Domestic violence is an issue that affects individuals across all walks of life, including those within religious communities. It's a painful truth that the church, people of faith and Christians have sometimes failed to protect and support survivors of domestic violence.

Instead of insisting on forgiveness and reconciliation with an abuser, faith spaces must first give heed to the needs and best interest of the survivors, those to whom the harm has been perpetuated. Listen to what they are saying. It is time for those in faith spaces to actively address domestic violence, create a safe space for survivors, and support them in seeking help and healing, rather than perpetuating harmful control dynamics.

Seek our survivor led and centered organizations for consulting and partnerships.


Challenging Control Dynamics

Control dynamics can manifest in various ways, from authoritarian leadership to the suppression of critical thinking. Faith communities must embrace a more open and collaborative approach. It should be a place where individuals feel free to express their thoughts, question beliefs, and grow spiritually without fear of being controlled or manipulated.

Opening your hand and welcoming each person to make autonomous spiritual decisions feels scary, but releasing that grip, that tight fist and dogma, this is true faith.

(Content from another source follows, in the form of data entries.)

(* Let $M=15$, let $1\le i_1<i_2<\dots<i_k$ and $j_1,\dots,j_k$ be positive integers such that $i_{l+1}-i_l\ge j_l$ for each $1\le l<k$. Then $\widehat Q_{i_1\cdots i_k}^{j_1\cdots j_k}$ consists of at most $M^k2^{\,i_k-j_1-j_2-\cdots-j_{k-1}}$ intervals in $\mathcal D_{i_k+j_k}$.
   Context: $\mathbb T=\mathbb R/\mathbb Z\cong[0,1)$, $Tx=2x\bmod1$, $d$ the usual distance on $\mathbb T$. $\mathcal D_n$ is the collection of dyadic intervals $[m/2^n,(m+1)/2^n)$. For $i,j\ge1$, $Q_i^j=\{x:d(T^ix,x)\le2^{-j}\}$ and $\widehat Q_i^j$ is the union of all intervals of $\mathcal D_{i+j}$ that intersect $Q_i^j$. Then $\widehat Q_{i_1\cdots i_k}^{j_1\cdots j_k}:=\bigcap_{\nu=1}^k\widehat Q_{i_\nu}^{j_\nu}$. *)

From Stdlib Require Import Reals Lra Lia ZArith List.
Open Scope R_scope.

Definition frac (x : R) : R := x - IZR (Int_part x).

(* the doubling map T x = 2x mod 1 on T = R/Z ≅ [0,1) *)
Definition Tmap (x : R) : R := frac (2 * x).

Fixpoint Titer (n : nat) (x : R) : R :=
  match n with O => x | S n' => Tmap (Titer n' x) end.

Definition dT (x y : R) : R := Rmin (frac (x - y)) (1 - frac (x - y)).

(* dyadic interval [m/2^n, (m+1)/2^n) of D_n (for m < 2^n) *)
Definition in_dyadic (n m : nat) (x : R) : Prop :=
  INR m / 2 ^ n <= x < (INR m + 1) / 2 ^ n.

Definition Q (i j : nat) (x : R) : Prop :=
  0 <= x < 1 /\ dT (Titer i x) x <= / 2 ^ j.

Definition Qhat (i j : nat) (x : R) : Prop :=
  exists m : nat, (m < 2 ^ (i + j))%nat /\ in_dyadic (i + j) m x /\
    exists y, in_dyadic (i + j) m y /\ Q i j y.

Definition Qhat_multi (k : nat) (i j : nat -> nat) (x : R) : Prop :=
  forall nu : nat, (1 <= nu <= k)%nat -> Qhat (i nu) (j nu) x.

Definition sum_j_upto (j : nat -> nat) (k : nat) : nat :=
  fold_right Nat.add 0%nat (map j (seq 1 (k - 1))).

Definition M : R := 15.

From Stdlib Require Import Reals ZArith List Lra Lia ClassicalEpsilon.
Open Scope R_scope.

(* If an interval [m/N, (m+1)/N) of D_{i+j}, N = 2^{i+j}, meets Q_i^j, then
   (2^i - 1) x is within 2^{-j} of an integer p for some x in it, so
   (2^i - 1) m lies within 2^i of p N.  Inside one interval of a coarser D_a
   with a <= i only 2^{i-a} + 2 values of p are possible, and each p allows at
   most 5 values of m: at most 15 * 2^{i-a} intervals survive.  Refining from
   D_{i_l + j_l} to D_{i_{l+1} + j_{l+1}} thus multiplies the number of
   intervals by at most 15 * 2^{i_{l+1} - i_l - j_l}, and the product
   telescopes to 15^k 2^{i_k - j_1 - ... - j_{k-1}}. *)

Lemma frac_add_IZR (r : R) (z : Z) : frac (r + IZR z) = frac r.
Proof.
  unfold frac. destruct (base_Int_part r) as [H1 H2].
  rewrite <- (Int_part_spec (r + IZR z) (Int_part r + z)); rewrite plus_IZR.
  - ring.
  - lra.
Qed.

Lemma frac_small (r : R) : 0 <= r < 1 -> frac r = r.
Proof.
  intros Hr. unfold frac. rewrite <- (Int_part_spec r 0); simpl; lra.
Qed.

Lemma frac_sub_frac (a b : R) : frac (frac a - b) = frac (a - b).
Proof.
  unfold frac at 2.
  replace (a - IZR (Int_part a) - b) with (a - b + IZR (- Int_part a))
    by (rewrite opp_IZR; ring).
  apply frac_add_IZR.
Qed.

Lemma frac_mul_frac (z : Z) (r : R) : frac (IZR z * frac r) = frac (IZR z * r).
Proof.
  unfold frac at 2.
  replace (IZR z * (r - IZR (Int_part r))) with (IZR z * r + IZR (- z * Int_part r))
    by (rewrite mult_IZR, opp_IZR; ring).
  apply frac_add_IZR.
Qed.

Lemma Titer_frac (n : nat) (y : R) : 0 <= y < 1 -> Titer n y = frac (2 ^ n * y).
Proof.
  intros Hy. induction n as [|n IH]; simpl.
  - rewrite Rmult_1_l, frac_small; auto.
  - rewrite IH. unfold Tmap. rewrite (frac_mul_frac 2). f_equal. ring.
Qed.

Lemma Rmin_frac_le_near_nat (w e : R) :
  0 <= w -> Rmin (frac w) (1 - frac w) <= e ->
  exists p : nat, INR p - e <= w <= INR p + e.
Proof.
  intros Hw He. unfold frac in He. destruct (base_Int_part w) as [H1 H2].
  set (z := Int_part w) in *.
  assert (Hz : (-1 < z)%Z) by (apply lt_IZR; lra).
  unfold Rmin in He. destruct (Rle_dec (w - IZR z) (1 - (w - IZR z))).
  - exists (Z.to_nat z). rewrite INR_IZR_INZ, Z2Nat.id by lia. lra.
  - exists (Z.to_nat (z + 1)). rewrite INR_IZR_INZ, Z2Nat.id by lia.
    rewrite plus_IZR. lra.
Qed.

Lemma Q_near_nat (i j : nat) (y : R) :
  Q i j y -> exists p : nat, INR p - / 2 ^ j <= (2 ^ i - 1) * y <= INR p + / 2 ^ j.
Proof.
  intros [Hy Hd]. unfold dT in Hd.
  rewrite Titer_frac, frac_sub_frac in Hd by exact Hy.
  replace (2 ^ i * y - y) with ((2 ^ i - 1) * y) in Hd by ring.
  apply Rmin_frac_le_near_nat; [|exact Hd].
  assert (1 <= 2 ^ i) by (apply pow_R1_Rle; lra). nra.
Qed.
Lemma bessel_identity a (e : nat -> H) n (Ho : orthonormal_in_kernel a n e) (x : H) m :
  (m <= n)%nat ->
  N (hsub x (proj e m x)) = N x - rsum m (fun i => Cnorm2 (hinner x (e i))).
Proof.
  unfold proj. induction m; intro Hm; simpl.
  - unfold N. ipsimpl. ring.
  - set (p := lincomb H m (fun i => hinner x (e i)) e) in *.
    specialize (IHm ltac:(lia)).
    assert (Hpe : hinner p (e m) = C0).
    { unfold p. rewrite (lincomb_coef a _ e n Ho) by lia. rewrite Nat.ltb_irrefl. reflexivity. }
    assert (Hep : hinner (e m) p = C0).
    { rewrite hinner_conj, Hpe. apply C_ext; simpl; ring. }
    assert (Hee : hinner (e m) (e m) = C1) by (apply self_C1; apply (proj1 Ho); lia).
    rewrite N_sub in IHm.
    pose proof (Re_sym x (e m)) as R1. pose proof (Im_sym x (e m)) as I1.
    pose proof (Re_sym x p). pose proof (Im_sym x p).
    unfold N, Cnorm2 in *. ipsimpl. rewrite ?Hpe, ?Hep, ?Hee. simpl.
    rewrite R1, I1. lra.
Qed.

Lemma maximal_expansion a (e : nat -> H) n x :
  maximal_in_kernel a n e -> in_kernel a x -> x = proj e n x.
Proof.
  intros [Ho Hmax] Hx. apply hsub_eq_zero, Hmax.
  - intro k. unfold hsub, proj. rewrite hinner_add_l, hinner_opp_l, Hx.
    rewrite (lincomb_in_kernel a _ e n Ho k). apply C_ext; simpl; ring.
  - intros i Hi. apply (proj_coef a e n Ho x i Hi).
Qed.

(* Gram-Schmidt-style recursion: [extend_seq nxt m] is the family of length m
   obtained by appending [nxt m' (previous family)] at each step. *)
Definition extend_seq (nxt : nat -> (nat -> H) -> H) : nat -> nat -> H :=
  fix F m := match m with
             | O => fun _ => hzero
             | S m' => fun i => if Nat.eqb i m' then nxt m' (F m') else F m' i
             end.

Lemma extend_seq_stable nxt m i : (i < m)%nat -> extend_seq nxt m i = extend_seq nxt (S i) i.
Proof.
  induction m; intro Hi. lia.
  simpl. destruct (Nat.eqb_spec i m). subst. simpl. rewrite Nat.eqb_refl. reflexivity.
  apply IHm. lia.
Qed.

Lemma extend_orthonormal a n e :
  orthonormal_in_kernel a n e -> ~ maximal_in_kernel a n e ->
  exists z, in_kernel a z /\ N z = 1 /\ forall i, (i < n)%nat -> hinner z (e i) = C0.
Proof.
  intros Ho Hnm.
  assert (exists z, in_kernel a z /\ (forall i, (i < n)%nat -> hinner z (e i) = C0) /\ z <> hzero)
    as [z [Hz [Hze Hz0]]].
  { apply NNPP. intro Hno. apply Hnm. split; auto. intros z Hz Hze.
    apply NNPP. intro Hz0. apply Hno. eauto. }
  destruct (normalize z Hz0) as [l [_ Hl]]. exists (rs l z). split; [|split]; auto.
  - intro k. unfold rs. rewrite hinner_scal_l, Hz. apply C_ext; simpl; ring.
  - intros i Hi. unfold rs. rewrite hinner_scal_l, Hze by auto. apply C_ext; simpl; ring.
Qed.

Lemma extend_seq_orthonormal a (nxt : nat -> (nat -> H) -> H) :
  (forall n e, orthonormal_in_kernel a n e ->
     in_kernel a (nxt n e) /\ N (nxt n e) = 1 /\
     forall i, (i < n)%nat -> hinner (nxt n e) (e i) = C0) ->
  forall m, orthonormal_in_kernel a m (extend_seq nxt m).
Proof.
  intros Hnxt m. induction m as [|m IHm].
  - split; intros; lia.
  - destruct (Hnxt m _ IHm) as [N1 [N2 N3]].
    assert (Fv : forall i, extend_seq nxt (S m) i
                           = if Nat.eqb i m then nxt m (extend_seq nxt m) else extend_seq nxt m i)
      by reflexivity.
    split.
    + intros i Hi. rewrite Fv. destruct (Nat.eqb_spec i m); auto. apply (proj1 IHm). lia.
    + intros i j Hi Hj Hij. rewrite !Fv.
      destruct (Nat.eqb_spec i m); destruct (Nat.eqb_spec j m); try lia.
      * apply N3. lia.
      * rewrite hinner_conj, N3 by lia. apply C_ext; simpl; ring.
      * apply (proj2 IHm); lia.
Qed.

(* Under the hypotheses of the compactness section the kernel is finite
   dimensional: otherwise extending orthonormal families forever would give an
   infinite orthonormal sequence in the kernel. *)
Lemma exists_maximal_family (a : nat -> H) (T : H -> H) c1 c2 :
  compact_image T -> 0 <= c1 -> controlled a T c1 c2 ->
  exists n e, maximal_in_kernel a n e.
Proof.
  intros Tc c1p Hcontrol. apply NNPP. intro Hno.
  set (P := fun n e z => orthonormal_in_kernel a n e ->
              in_kernel a z /\ N z = 1 /\ forall i, (i < n)%nat -> hinner z (e i) = C0).
  assert (Ext : forall n e, exists z, P n e z).
  { intros n e. destruct (classic (orthonormal_in_kernel a n e)) as [Ho|Ho].
    - destruct (extend_orthonormal a n e Ho) as [z Hz]; [intro Hm; apply Hno; eauto|]. exists z. intros _. exact Hz.
    - exists hzero. intro. contradiction. }
  set (nxt := fun n e => epsilon (inhabits hzero) (P n e)).
  assert (Hnxt : forall n e, P n e (nxt n e)) by (intros n e; apply epsilon_spec, Ext).
  pose proof (extend_seq_orthonormal a nxt Hnxt) as FON.
  set (E := fun i => extend_seq nxt (S i) i).
  assert (HE : forall i m, (i < m)%nat -> E i = extend_seq nxt m i).
  { intros i m Hi. unfold E. symmetry. apply extend_seq_stable. auto. }
  apply (no_orthonormal_kernel_seq a T c1 c2 Tc c1p Hcontrol E).
  - intro n. apply (proj1 (FON (S n))). lia.
  - intros n m Hnm. rewrite (HE n (S (Nat.max n m))), (HE m (S (Nat.max n m))) by lia.
    rewrite (proj2 (FON (S (Nat.max n m)))) by lia. reflexivity.
  - intro n. apply (proj1 (FON (S n))). lia.
Qed.

End OrthonormalFamilies.

Section LowerBound.
Context {H : CHilbert}.

Lemma inv_succ_vanishes : vanishes (fun k => 1 / (INR k + 1)).
Proof.
  intros eps He. destruct (archimed_cor1 eps He) as [M [HM M0]].
  exists M. intros k Hk. apply le_INR in Hk. assert (0 < INR M) by (apply lt_0_INR; auto).
  unfold Rdiv. rewrite Rmult_1_l. eapply Rle_lt_trans; [|exact HM].
  apply Rinv_le_contravar; lra.
Qed.

Lemma unit_vectors_small_energy (a : nat -> H) :
  summable a -> ~ (exists A, lower_frame_bound H a A) ->
  forall k, exists y, N y = 1 /\ Sa a y < 1 / (INR k + 1).
Proof.
  intros Sa_summ NL k. pose proof (pos_INR k) as Pk.
  set (r := 1 / (INR k + 1)).
  assert (rp : r > 0) by (unfold r; apply Rdiv_lt_0_compat; lra).
  assert (exists x, Sa a x < r * N x) as [x Hx].
  { apply NNPP. intro Hno. apply NL. exists r. split; auto.
    intro x. exists (Sa a x). split; [apply Sa_spec; auto|]. rewrite hnorm_sq.
    apply Rnot_lt_le. intro Hlt. apply Hno. eauto. }
  assert (Hx0 : x <> hzero).
  { intro Z. subst x. rewrite N_hzero, Sa_in_kernel in Hx; [lra|].
    intro j. apply hinner_zero_l. }
  destruct (normalize x Hx0) as [l [Hl0 Hl]]. exists (rs l x). split; auto.
  rewrite Sa_rs by auto. rewrite N_rs in Hl.
  assert (0 < l * l) by (pose proof (Rsqr_pos_lt l Hl0); unfold Rsqr in *; lra).
  replace r with (r * (l * l * N x)) by (rewrite Hl; ring).
  replace (r * (l * l * N x)) with (l * l * (r * N x)) by ring.
  apply Rmult_lt_compat_l; auto.
Qed.

(* A Bessel sequence controlled by a compact T whose analysis operator is
   injective is a frame: unit vectors of vanishing energy would have a
   subsequence converging into the (trivial) kernel, i.e. to 0. *)
Lemma lower_bound_of_trivial_kernel (a : nat -> H) Ba (T : H -> H) c1 c2 :
  bessel_bound H a Ba -> compact_image T -> 0 <= c1 -> 0 <= c2 -> controlled a T c1 c2 ->
  (forall z, in_kernel a z -> z = hzero) ->
  exists A, lower_frame_bound H a A.
Proof.
  intros HBa Tc c1p c2p Hcontrol Hker. apply NNPP. intro NL.
  pose proof (unit_vectors_small_energy a (bessel_summable a Ba HBa) NL) as Ex.
  set (u := fun k => epsilon (inhabits hzero) (fun y => N y = 1 /\ Sa a y < 1 / (INR k + 1))).
  assert (Hu : forall k, N (u k) = 1 /\ Sa a (u k) < 1 / (INR k + 1))
    by (intro k; apply epsilon_spec, Ex).
  destruct (subseq_converges_to_kernel a Ba T c1 c2 HBa Tc c1p c2p Hcontrol u)
    as [phi [x [Hconv Hx]]].
  - intro k. rewrite (proj1 (Hu k)). lra.
  - intros eps He. destruct (inv_succ_vanishes eps He) as [M HM].
    exists M. intros k Hk. eapply Rlt_trans; [apply Hu|]. apply HM, Hk.
  - rewrite (Hker x Hx) in Hconv.
    destruct (Hconv (1 / 2)) as [M HM]; [lra|].
    pose proof (hnorm_lt_inv _ _ (HM M (le_n _))) as Small.
    pose proof (N_sub_le (u (phi M)) hzero) as Le.
    rewrite (proj1 (Hu _)), N_hzero in Le. lra.
Qed.

End LowerBound.

Section Prepend.
Context {H : CHilbert}.

Definition fsum (x : H) (xs : list H) : R :=
  fold_right (fun v acc => Cnorm2 (hinner x v) + acc) 0 xs.

Lemma prepend_sum (f : nat -> H) (Sf : summable f) x xs :
  infinite_sum (fun m => Cnorm2 (hinner x (prepend H xs f m))) (fsum x xs + Sa f x).
Proof.
  induction xs as [|v xs IH]; simpl.
  - eapply isum_ext; [|rewrite Rplus_0_l; apply Sa_spec; auto].
    intro m. unfold prepend. simpl. rewrite Nat.sub_0_r. reflexivity.
  - rewrite Rplus_assoc. apply isum_cons.
    eapply isum_ext; [|exact IH]. intro m. reflexivity.
Qed.

Lemma Sa_prepend (f : nat -> H) xs x :
  summable f -> Sa (prepend H xs f) x = fsum x xs + Sa f x.
Proof. intro Sf. apply Sum_eq, prepend_sum, Sf. Qed.

Lemma summable_prepend (f : nat -> H) xs : summable f -> summable (prepend H xs f).
Proof. intros Sf x. exists (fsum x xs + Sa f x). apply prepend_sum, Sf. Qed.

Lemma prepend_head (f : nat -> H) xs i : (i < length xs)%nat -> prepend H xs f i = nth i xs hzero.
Proof. intro Hi. unfold prepend. replace (Nat.ltb i (length xs)) with true; auto.
  symmetry. apply Nat.ltb_lt, Hi. Qed.

Lemma prepend_tail (f : nat -> H) xs k : prepend H xs f (k + length xs)%nat = f k.
Proof.
  unfold prepend. replace (Nat.ltb (k + length xs) (length xs)) with false
    by (symmetry; apply Nat.ltb_ge; lia).
  f_equal. lia.
Qed.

Listening to Survivor Voices

The voices of survivors are invaluable. They hold the key to understanding the depth of the issues mentioned above. By actively listening to survivors and providing them with a platform to share their stories and experiences, the church, faith communities and religious leaders can gain crucial insights into these problems and learn how to address them more effectively and with pureness of intention.

How many survivor’s stories have you heard or read? Do you see survivors as “those people” or as “one of us?” Have you discovered the survivors who have healed and taken the time to understand the process and hard work it takes to recover?


It’s time.

The church must cease co-opting survivor language for its own benefit. And I might add, Christian influencers, authors, speakers, and teachers need to stop co-opting survivor language for their own benefit too.

This is a Western, evangelical culture problem which makes it systemic. But generational patterns can be altered. Creating communities of care, empathy and safety should be the goal. It’s not about differences in theology or faith traditions, this is about tending to wounded souls first, just like the Good Samaritan did, without asking anything in return, with no expectations.

It’s time. Stop, sit and listen.


This article is not intended to treat or diagnose any condition.

Rebekah is not a licensed therapist or clinician. Any advice or opinions given on this site are strictly her own observation and insights based on personal experiences and study. It should in no way take the place of professional assistance.